A number of recent systems operate by taking information from the Web, storing it in some sort of knowledge base, and then allowing a user to query that knowledge base [14,7,11,8,13,15,19]. One bottleneck in building such an information integration system is developing ``wrappers''--programs that convert Web pages into an appropriate format for the knowledge base. Because data can be presented in many different ways on the Web, and Web pages frequently change format, building and maintaining these wrappers is often time-consuming and tedious.
A number of proposals have been made for reducing the cost of building wrappers. Data exchange standards like XML have promise; unfortunately, XML is not yet widely used, and one might expect that Web information sources using ``legacy'' formats like HTML will be common for some time. Some researchers have proposed special languages for writing wrappers [9,5], or semi-automated tools for wrapper construction . Others have implemented systems that allow wrappers to be trained from examples [12,10,16]. Although languages and learning methods for wrapper construction are useful, they do not entirely eliminate the human effort involved in ``wrapping'' a Web site; for example, if learning is used, it is still necessary for a human to label the examples given to the learner.
Most of the data extracted by wrappers is originally encoded in HTML, and is very regular and repetitive in format: generally, the pages being wrapped are well-structured tables and lists. An alternative research program would be to develop general, page-independent, heuristics for recognizing (and extracting data from) tables and lists in HTML documents. However, developing general-purpose, reliable, heuristics for table- and list-recognition is non-trivial, as users often do not implement tables and lists using the appropriate HTML constructs (e.g., <table>, <ul>, <dl>). Furthermore, any such heuristics might well require substantial effort to maintain as HTML and conventions for using it continue to evolve.
In this paper, we seek to learn general, page-independent heuristics for extracting data from HTML documents. The input to our learning system is a set of working wrapper programs, paired with HTML pages they correctly wrap. The output is a general, page-independent procedure for extracting data--a procedure that works for many formats and many pages.

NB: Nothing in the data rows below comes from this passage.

(* Let $K$ be a field and $q\in K$ a primitive $e$-th root of unity, where $e\ge 2$ is even. Let $D$ be the one-dimensional $\mathcal{H}_q(D_e)$-module on which $T_i^D$ acts as $-1$ for $0\le i\le e-1$, and $P$ its projective cover. Let $D^\lambda$ be the one-dimensional $\mathcal{H}_{q,1}(B_e)$-module on which $T_i^B$ acts as $-1$ for $0\le i\le e-1$, and $P^\lambda$ its projective cover. Then $P\cong \mathrm{Res}(P^\lambda)$ as $\mathcal{H}_q(D_e)$-modules.
   Context: $\mathcal{H}_{q,1}(B_n)$ is the $K$-algebra with generators $T_0^B,\dots,T_{n-1}^B$ and relations $(T_0^B+1)(T_0^B-1)=0$, $(T_i^B+1)(T_i^B-q)=0$ ($1\le i\le n-1$), $T_0^BT_1^BT_0^BT_1^B=T_1^BT_0^BT_1^BT_0^B$, $T_{i+1}^BT_i^BT_{i+1}^B=T_i^BT_{i+1}^BT_i^B$ ($1\le i\le n-2$), $T_i^BT_j^B=T_j^BT_i^B$ ($0\le i<j-1\le n-2$). $\mathcal{H}_q(D_n)$ is the $K$-algebra with generators $T_0^D,\dots,T_{n-1}^D$ and relations $(T_i^D+1)(T_i^D-q)=0$ ($0\le i\le n-1$), $T_0^DT_2^DT_0^D=T_2^DT_0^DT_2^D$, $T_0^DT_i^D=T_i^DT_0^D$ ($i\neq 2$), $T_{i+1}^DT_i^DT_{i+1}^D=T_i^DT_{i+1}^DT_i^D$ ($1\le i\le n-2$), $T_i^DT_j^D=T_j^DT_i^D$ ($1\le i<j-1\le n-2$). $\mathrm{Res}$ denotes restriction along the injective algebra homomorphism $\phi:\mathcal{H}_q(D_n)\to\mathcal{H}_{q,1}(B_n)$, $T_0^D\mapsto T_0^BT_1^BT_0^B$, $T_i^D\mapsto T_i^B$ ($1\le i\le n-1$). *)

From HB Require Import structures.
From mathcomp Require Import all_boot all_order all_algebra.
Set Implicit Arguments. Unset Strict Implicit. Unset Printing Implicit Defensive.
Import GRing.Theory.
Local Open Scope ring_scope.

(* Finite-dimensional modules over an algebra presented by generators
   T_0, ..., T_{n-1}: a module of dimension d is a family of matrices
   rho : nat -> 'M[K]_d (only rho 0, ..., rho (n-1) matter), acting on
   column vectors v : 'cV_d by v |-> rho i *m v, satisfying the defining
   relations (products written in the same order as in the algebra). *)

Section Hecke.
Variable K : fieldType.

Definition isHB (q : K) (n : nat) (d : nat) (rho : nat -> 'M[K]_d) : Prop :=
  [/\ (rho 0%N + 1%:M) *m (rho 0%N - 1%:M) = 0,
      (forall i, (1 <= i <= n.-1)%N -> (rho i + 1%:M) *m (rho i - q%:M) = 0),
      rho 0%N *m rho 1%N *m rho 0%N *m rho 1%N
        = rho 1%N *m rho 0%N *m rho 1%N *m rho 0%N,
      (forall i, (1 <= i <= n - 2)%N ->
         rho i.+1 *m rho i *m rho i.+1 = rho i *m rho i.+1 *m rho i) &
      (forall i j, (i < j.-1)%N -> (j.-1 <= n - 2)%N -> (1 <= j)%N ->
         rho i *m rho j = rho j *m rho i)].

Definition isHD (q : K) (n : nat) (d : nat) (rho : nat -> 'M[K]_d) : Prop :=
  [/\ (forall i, (i <= n.-1)%N -> (rho i + 1%:M) *m (rho i - q%:M) = 0),
      (2 < n)%N -> rho 0%N *m rho 2%N *m rho 0%N = rho 2%N *m rho 0%N *m rho 2%N,
      (forall i, (i <= n.-1)%N -> i != 2%N -> rho 0%N *m rho i = rho i *m rho 0%N),
      (forall i, (1 <= i <= n - 2)%N ->
         rho i.+1 *m rho i *m rho i.+1 = rho i *m rho i.+1 *m rho i) &
      (forall i j, (1 <= i)%N -> (i < j.-1)%N -> (j.-1 <= n - 2)%N -> (1 <= j)%N ->
         rho i *m rho j = rho j *m rho i)].

Definition is_hom (n : nat) (d1 d2 : nat) (rho1 : nat -> 'M[K]_d1)
  (rho2 : nat -> 'M[K]_d2) (f : 'M[K]_(d2, d1)) : Prop :=
  forall i, (i < n)%N -> f *m rho1 i = rho2 i *m f.

Definition is_surj (d1 d2 : nat) (f : 'M[K]_(d2, d1)) : Prop := \rank f = d2.

Definition mod_iso (n : nat) (d1 d2 : nat) (rho1 : nat -> 'M[K]_d1)
  (rho2 : nat -> 'M[K]_d2) : Prop :=
  exists (f : 'M[K]_(d2, d1)) (g : 'M[K]_(d1, d2)),
    [/\ is_hom n rho1 rho2 f, is_hom n rho2 rho1 g,
        g *m f = 1%:M & f *m g = 1%:M].

Definition projective (rel : forall d, (nat -> 'M[K]_d) -> Prop) (n : nat)
  (dP : nat) (rhoP : nat -> 'M[K]_dP) : Prop :=
  forall (dM : nat) (rhoM : nat -> 'M[K]_dM) (dN : nat) (rhoN : nat -> 'M[K]_dN)
    (pi : 'M[K]_(dN, dM)) (f : 'M[K]_(dN, dP)),
    rel dM rhoM -> rel dN rhoN ->
    is_hom n rhoM rhoN pi -> is_surj pi -> is_hom n rhoP rhoN f ->
    exists g : 'M[K]_(dM, dP), is_hom n rhoP rhoM g /\ pi *m g = f.

Definition essential_epi (rel : forall d, (nat -> 'M[K]_d) -> Prop) (n : nat)
  (dP : nat) (rhoP : nat -> 'M[K]_dP) (dS : nat) (rhoS : nat -> 'M[K]_dS)
  (p : 'M[K]_(dS, dP)) : Prop :=
  [/\ is_hom n rhoP rhoS p, is_surj p &
      forall (dM : nat) (rhoM : nat -> 'M[K]_dM) (g : 'M[K]_(dP, dM)),
        rel dM rhoM -> is_hom n rhoM rhoP g -> is_surj (p *m g) -> is_surj g].

Definition projective_cover (rel : forall d, (nat -> 'M[K]_d) -> Prop) (n : nat)
  (dP : nat) (rhoP : nat -> 'M[K]_dP) (dS : nat) (rhoS : nat -> 'M[K]_dS) : Prop :=
  [/\ rel dP rhoP, projective rel n rhoP &
      exists p : 'M[K]_(dS, dP), essential_epi rel n rhoP rhoS p].

Definition resBD (d : nat) (rho : nat -> 'M[K]_d) : nat -> 'M[K]_d :=
  fun i => if i == 0%N then rho 0%N *m rho 1%N *m rho 0%N else rho i.

Definition sign_mod : nat -> 'M[K]_1 := fun _ => - 1%:M.

End Hecke.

New pages that are correctly wrapped by the learned procedure can be incorporated into a knowledge base with minimal human effort; it is only necessary to indicate where in the knowledge base the extracted information should be stored. Our method thus differs from earlier methods for learning wrappers, in which the goal of learning was a wrapper for pages with a single specific format, and a new training process is needed for each page format.
Below we will describe our learning method, and evaluate it on a collection of 84 extraction problems encountered in building applications for the information integration system WHIRL [4,5]. We first identify two types of extraction problems, namely extraction of simple lists and simple hotlists; these were the most common types of extraction problems for WHIRL, together comprising about 75% of the implemented wrappers. We then explain how this extraction problem can be reduced to a more conventional classification problem, thus allowing existing learners to be used to learn extraction heuristics. We demonstrate that around 30% of the benchmark problems can be handled perfectly by learned extraction heuristics, and around 50% of the benchmarks can be handled reasonably well. We also show that the learned heuristics are domain-independent.
We also evaluate a hybrid system that combines learned page-independent extraction heuristics with a more conventional wrapper-learning approach, in which the learner is re-trained for each page format. We show that incorporating page-independent heuristics leads to improved performance: for instance, the hybrid system gets acceptable performance on 80% of the benchmarks after seeing only 6 training examples, where as the conventional system requires 12 training examples to do as well.